(WHAT THE TASK REQUIRES) Please return the lines of the data below, word for word, from the first line through the line containing "delta_coassoc : forall".

Saved data entries:

Definition lin_fun (V : lmodType K) (f : V -> K) : Prop :=
  forall a x y, f (a *: x + y) = a * f x + f y.
Definition lin_map (V W : lmodType K) (g : V -> W) : Prop :=
  forall a x y, g (a *: x + y) = a *: g x + g y.

Definition tev (A B : lmodType K) (f : A -> K) (h : B -> K) (t : seq (A * B)) : K :=
  \sum_(p <- t) f p.1 * h p.2.

Record coalgebra (C : lmodType K) := Coalgebra {
  delta : C -> seq (C * C);
  eps : C -> K;
  eps_lin : lin_fun eps;
  delta_lin : forall f g : C -> K, lin_fun f -> lin_fun g ->
    forall a x y, tev f g (delta (a *: x + y)) = a * tev f g (delta x) + tev f g (delta y);
  delta_coassoc : forall f g h : C -> K, lin_fun f -> lin_fun g -> lin_fun h ->
    forall x, \sum_(p <- delta x) tev f g (delta p.1) * h p.2
            = \sum_(p <- delta x) f p.1 * tev g h (delta p.2);
  delta_counitl : forall x, \sum_(p <- delta x) eps p.1 *: p.2 = x;
  delta_counitr : forall x, \sum_(p <- delta x) eps p.2 *: p.1 = x }.

Record comodule (C : lmodType K) (cC : coalgebra C) (M : lmodType K) := Comodule {
  coact : M -> seq (C * M);
  coact_lin : forall (f : C -> K) (h : M -> K), lin_fun f -> lin_fun h ->
    forall a x y, tev f h (coact (a *: x + y)) = a * tev f h (coact x) + tev f h (coact y);
  coact_coassoc : forall (f g : C -> K) (h : M -> K), lin_fun f -> lin_fun g -> lin_fun h ->
    forall x, \sum_(p <- coact x) tev f g (delta cC p.1) * h p.2
            = \sum_(p <- coact x) f p.1 * tev g h (coact p.2);
  coact_counit : forall x, \sum_(p <- coact x) eps cC p.1 *: p.2 = x }.

Definition colinear (C M N : lmodType K) (rM : M -> seq (C * M)) (rN : N -> seq (C * N))
  (g : M -> N) : Prop :=
  lin_map g /\
  forall (f : C -> K) (h : N -> K), lin_fun f -> lin_fun h ->
    forall x, tev f h (rN (g x)) = \sum_(p <- rM x) f p.1 * h (g p.2).

Definition inj_comodule (C : lmodType K) (cC : coalgebra C) (E : lmodType K)
  (cE : comodule cC E) : Prop :=
  forall (M N : lmodType K) (cM : comodule cC M) (cN : comodule cC N)
         (i : M -> N) (u : M -> E),
    colinear (coact cM) (coact cN) i -> injective i ->
    colinear (coact cM) (coact cE) u ->
    exists v : N -> E, colinear (coact cN) (coact cE) v /\ forall x, v (i x) = u x.

Definition subspace (M : lmodType K) (S : M -> Prop) : Prop :=
  S 0 /\ forall a x y, S x -> S y -> S (a *: x + y).

(* S is a subcomodule: subspace with rho(S) contained in C (x) S *)
Definition subcomod (C : lmodType K) (cC : coalgebra C) (M : lmodType K)
  (cM : comodule cC M) (S : M -> Prop) : Prop :=
  subspace S /\
  forall x, S x -> forall (f : C -> K) (h : M -> K), lin_fun f -> lin_fun h ->
    (forall y, S y -> h y = 0) -> tev f h (coact cM x) = 0.

Definition simple_subcomod (C : lmodType K) (cC : coalgebra C) (M : lmodType K)
  (cM : comodule cC M) (S : M -> Prop) : Prop :=
  subcomod cM S /\ (exists x, S x /\ x <> 0) /\
  forall T, subcomod cM T -> (forall x, T x -> S x) ->
    (forall x, T x -> x = 0) \/ (forall x, S x -> T x).

Definition essential_in (C : lmodType K) (cC : coalgebra C) (M : lmodType K)
  (cM : comodule cC M) (S : M -> Prop) : Prop :=
  forall T, subcomod cM T -> (exists x, T x /\ x <> 0) ->
    exists x, T x /\ S x /\ x <> 0.

Definition ract (C : lmodType K) (cC : coalgebra C) (M : lmodType K)
  (cM : comodule cC M) (c : C -> K) (m : M) : M :=
  \sum_(p <- coact cM m) c p.1 *: p.2.

Definition lact (C : lmodType K) (cC : coalgebra C) (M : lmodType K)
  (cM : comodule cC M) (c : C -> K) (al : M -> K) : M -> K :=
  fun m => al (ract cM c m).

Definition dual_submod (C : lmodType K) (cC : coalgebra C) (M : lmodType K)
  (cM : comodule cC M) (P : (M -> K) -> Prop) : Prop :=
  (forall al, P al -> lin_fun al) /\
  P (fun _ => 0) /\
  (forall a al be, P al -> P be -> P (fun m => a * al m + be m)) /\
  (forall c al, lin_fun c -> P al -> P (lact cM c al)).

Definition full_dual (M : lmodType K) (P : (M -> K) -> Prop) : Prop :=
  forall al, lin_fun al -> P al.

Definition zero_dual (M : lmodType K) (P : (M -> K) -> Prop) : Prop :=
  forall al, P al -> forall m, al m = 0.

Definition sum_full (M : lmodType K) (P Q : (M -> K) -> Prop) : Prop :=
  forall al, lin_fun al -> exists be ga, P be /\ Q ga /\ forall m, al m = be m + ga m.

Definition maximal_submod (C : lmodType K) (cC : coalgebra C) (M : lmodType K)
  (cM : comodule cC M) (P : (M -> K) -> Prop) : Prop :=
  dual_submod cM P /\ ~ full_dual P /\
  forall Q, dual_submod cM Q -> (forall al, P al -> Q al) ->
    (forall al, Q al -> P al) \/ full_dual Q.

Definition small_submod (C : lmodType K) (cC : coalgebra C) (M : lmodType K)
  (cM : comodule cC M) (P : (M -> K) -> Prop) : Prop :=
  dual_submod cM P /\
  forall Q, dual_submod cM Q -> sum_full P Q -> full_dual Q.

Definition generates (C : lmodType K) (cC : coalgebra C) (M : lmodType K)
  (cM : comodule cC M) (f : M -> K) : Prop :=
  forall Q, dual_submod cM Q -> Q f -> full_dual Q.

Definition indecomposable_dual (C : lmodType K) (cC : coalgebra C) (M : lmodType K)
  (cM : comodule cC M) : Prop :=
  (exists al : M -> K, lin_fun al /\ exists m, al m <> 0) /\
  forall P Q, dual_submod cM P -> dual_submod cM Q ->
    (forall al, P al -> Q al -> forall m, al m = 0) -> sum_full P Q ->
    zero_dual P \/ zero_dual Q.

Definition perp (M : lmodType K) (S : M -> Prop) : (M -> K) -> Prop :=
  fun al => lin_fun al /\ forall m, S m -> al m = 0.

End CoalgDefs.

(* For f in E^* not vanishing on S, the comodule map E -> C, m |-> f(m_0) m_{-1},
   is injective: its kernel is a subcomodule, so by essentiality it would
   otherwise contain a nonzero x in S; x generates the simple comodule S under
   the action of C^*, and f(x . c) = 0 for all c would force f to vanish on S.
   Extending linear functionals along this injection (by Zorn's lemma) writes
   every element of E^* as c . f. So every element outside the proper submodule
   S^perp generates E^*, which makes S^perp maximal and superfluous and E^*
   indecomposable. *)

From HB Require Import structures.
From mathcomp Require Import all_boot all_algebra.
From mathcomp Require Import ring.
From mathcomp Require Import boolp classical_sets.
Set Implicit Arguments. Unset Strict Implicit. Unset Printing Implicit Defensive.
Import GRing.Theory.
Local Open Scope ring_scope.
Local Open Scope classical_set_scope.

Section LinearFunctionals.
Variables (K : fieldType) (V : lmodType K).
Implicit Types (h : V -> K) (x y : V).

Lemma lin_fun0 h : lin_fun h -> h 0 = 0.
Proof.
move=> Lh; have := Lh 1 0 0; rewrite scale1r addr0 mul1r => h00.
by apply: (addrI (h 0)); rewrite addr0 -h00.
Qed.

Lemma lin_funD h x y : lin_fun h -> h (x + y) = h x + h y.
Proof. by move=> Lh; have := Lh 1 x y; rewrite scale1r mul1r. Qed.

Lemma lin_funZ h a x : lin_fun h -> h (a *: x) = a * h x.
Proof. by move=> Lh; have := Lh a x 0; rewrite !addr0 lin_fun0 // addr0. Qed.

Lemma lin_funB h x y : lin_fun h -> h (x - y) = h x - h y.
Proof. by move=> Lh; rewrite lin_funD // -scaleN1r lin_funZ // mulN1r. Qed.

Lemma lin_fun_sum h (I : Type) (s : seq I) (F : I -> V) :
  lin_fun h -> h (\sum_(i <- s) F i) = \sum_(i <- s) h (F i).
Proof.
move=> Lh; elim: s => [|i s IHs]; first by rewrite !big_nil lin_fun0.
by rewrite !big_cons lin_funD // IHs.
Qed.

Lemma lin_map0 (W : lmodType K) (g : V -> W) : lin_map g -> g 0 = 0.
Proof.
move=> Lg; have := Lg 1 0 0; rewrite !scale1r addr0 => g00.
by apply: (addrI (g 0)); rewrite addr0 -g00.
Qed.

Lemma lin_map_inj (W : lmodType K) (g : V -> W) :
  lin_map g -> (forall x, g x = 0 -> x = 0) -> injective g.
Proof.
move=> Lg g0 x y gxy; apply/eqP; rewrite -subr_eq0; apply/eqP/g0.
by rewrite -scaleN1r addrC Lg gxy scaleN1r addNr.
Qed.

End LinearFunctionals.

Section LinearGraphs.
Variables (K : fieldType) (V : lmodType K).
Implicit Types (A G : set (V * K)) (x u : V) (a b : K).

Definition graph_fun A := forall x a b, A (x, a) -> A (x, b) -> a = b.

Definition graph_lin A :=
  forall k x a y b, A (x, a) -> A (y, b) -> A (k *: x + y, k * a + b).

Definition adjoin A x b : set (V * K) :=
  [set p | exists u a k, A (u, a) /\ p.1 = u + k *: x /\ p.2 = a + k * b].

Lemma graph_lin0 A x a : graph_lin A -> A (x, a) -> A (0, 0).
Proof.
by move=> lA Axa; have := lA (-1) _ _ _ _ Axa Axa; rewrite scaleN1r mulN1r !addNr.
Qed.

Lemma adjoin_sub A x b : A `<=` adjoin A x b.
Proof. by move=> [u a] Aua; exists u, a, 0; rewrite scale0r mul0r !addr0. Qed.

Lemma adjoin_new A x b : A (0, 0) -> adjoin A x b (x, b).
Proof. by move=> A00; exists 0, 0, 1; rewrite scale1r mul1r !add0r. Qed.

Lemma adjoin_lin A x b : graph_lin A -> graph_lin (adjoin A x b).
Proof.
move=> lA k _ _ _ _ [u [a [l [Aua [/= -> ->]]]]] [u' [a' [l' [Aua' [/= -> ->]]]]].
exists (k *: u + u'), (k * a + a'), (k * l + l'); split; first exact: lA.
by rewrite /= scalerDr scalerA scalerDl addrACA; split=> //; ring.
Qed.

Lemma adjoin_fun A x b : graph_fun A -> graph_lin A -> ~ (exists a, A (x, a)) ->
  graph_fun (adjoin A x b).
Proof.
move=> fA lA Ax z _ _ [u [a [l [Aua [/= e ->]]]]] [u' [a' [l' [Aua' [/= e' ->]]]]].
have [ll'|nll'] := eqVneq l l'.
  rewrite -ll' in e' *; have uu' : u = u' by apply: (addIr (l *: x)); rewrite -e -e'.
  by rewrite uu' in Aua; rewrite (fA _ _ _ Aua Aua').
have dx : (l - l') *: x = u' - u.
  by rewrite scalerBl; apply/eqP; rewrite subr_eq addrAC -e' e [_ - u]addrC addKr.
have := lA (l - l')^-1 _ _ _ _ (lA (-1) _ _ _ _ Aua Aua') (graph_lin0 lA Aua).
rewrite !addr0 scaleN1r [- u + u']addrC -dx scalerK ?subr_eq0 // => Axa.
by case: Ax; eexists; exact: Axa.
Qed.

Lemma graph_extend G : graph_fun G -> graph_lin G -> G (0, 0) ->
  exists c : V -> K, lin_fun c /\ forall x a, G (x, a) -> c x = a.
Proof.
move=> fG lG G00.
(* the empty graph must be admitted, as the union of the empty chain *)
pose P A := [/\ graph_fun A, graph_lin A & A !=set0 -> G `<=` A].
have [A [[fA lA GA] maxA]] : exists A, P A /\ forall B, A `<` B -> ~ P B.
  apply: Zorn_bigcup => F FP Ftot.
  have common X Y p q : F X -> F Y -> X p -> Y q -> exists2 Z, F Z & Z p /\ Z q.
    move=> FX FY Xp Yq.
    by case: (Ftot _ _ FX FY) => [/(_ p Xp)|/(_ q Yq)]; [exists Y|exists X].
  split.
  - move=> x a b [X FX Xa] [Y FY Yb]; have [Z FZ [Za Zb]] := common _ _ _ _ FX FY Xa Yb.
    by have [fZ _ _] := FP _ FZ; exact: fZ Za Zb.
  - move=> k x a y b [X FX Xa] [Y FY Yb]; have [Z FZ [Za Zb]] := common _ _ _ _ FX FY Xa Yb.
    by have [_ lZ _] := FP _ FZ; exists Z => //; exact: lZ.
  - move=> [p [X FX Xp]] q Gq; have [_ _ GX] := FP _ FX.
    by exists X => //; exact: GX (ex_intro _ p Xp) q Gq.
have A00 : A (0, 0).
  apply: contrapT => nA00; apply: (maxA G); last by split=> // _.
  split; last by move=> /(_ (0, 0) G00).
  by move=> [x a] Axa; case: nA00; exact: graph_lin0 lA Axa.
have {}GA : G `<=` A := GA (ex_intro _ _ A00).
have total x : exists a, A (x, a).
  apply: contrapT => nx; apply: (maxA (adjoin A x 0)).
    split; first exact: adjoin_sub.
    by move=> /(_ _ (adjoin_new x 0 A00)) Ax0; case: nx; exists 0.
  split; [exact: adjoin_fun | exact: adjoin_lin | move=> _].
  exact: subset_trans GA (@adjoin_sub A x 0).
have [c Ac] := choice total.
exists c; split; last by move=> x a /GA; exact: fA (Ac x).
by move=> k x y; apply: fA (Ac _) _; exact: lA.
Qed.

End LinearGraphs.

Section Extension.
Variables (K : fieldType) (V : lmodType K).

Lemma lin_fun_vanishing (S : V -> Prop) y : subspace S -> ~ S y ->
  exists h : V -> K, lin_fun h /\ (forall s, S s -> h s = 0) /\ h y = 1.
Proof.
move=> [S0 SD] Sy; pose A : set (V * K) := [set p | S p.1 /\ p.2 = 0].
have lA : graph_lin A.
  by move=> k x a z b [Sx /= ->] [Sz /= ->]; split; [exact: SD | rewrite /= mulr0 addr0].
have [||| h [Lh Ah]] := @graph_extend _ _ (adjoin A y 1).
- by apply: adjoin_fun => // [x a b [_ /= ->] [_ /= ->] | [a [/Sy]]].
- exact: adjoin_lin.
- exact: adjoin_sub.
exists h; split=> //; split; last exact/Ah/adjoin_new.
by move=> s Ss; apply/Ah/adjoin_sub.
Qed.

(ANSWER SPACE)
Definition lin_fun (V : lmodType K) (f : V -> K) : Prop :=
  forall a x y, f (a *: x + y) = a * f x + f y.
Definition lin_map (V W : lmodType K) (g : V -> W) : Prop :=
  forall a x y, g (a *: x + y) = a *: g x + g y.

Definition tev (A B : lmodType K) (f : A -> K) (h : B -> K) (t : seq (A * B)) : K :=
  \sum_(p <- t) f p.1 * h p.2.

Record coalgebra (C : lmodType K) := Coalgebra {
  delta : C -> seq (C * C);
  eps : C -> K;
  eps_lin : lin_fun eps;
  delta_lin : forall f g : C -> K, lin_fun f -> lin_fun g ->
    forall a x y, tev f g (delta (a *: x + y)) = a * tev f g (delta x) + tev f g (delta y);
  delta_coassoc : forall f g h : C -> K, lin_fun f -> lin_fun g -> lin_fun h ->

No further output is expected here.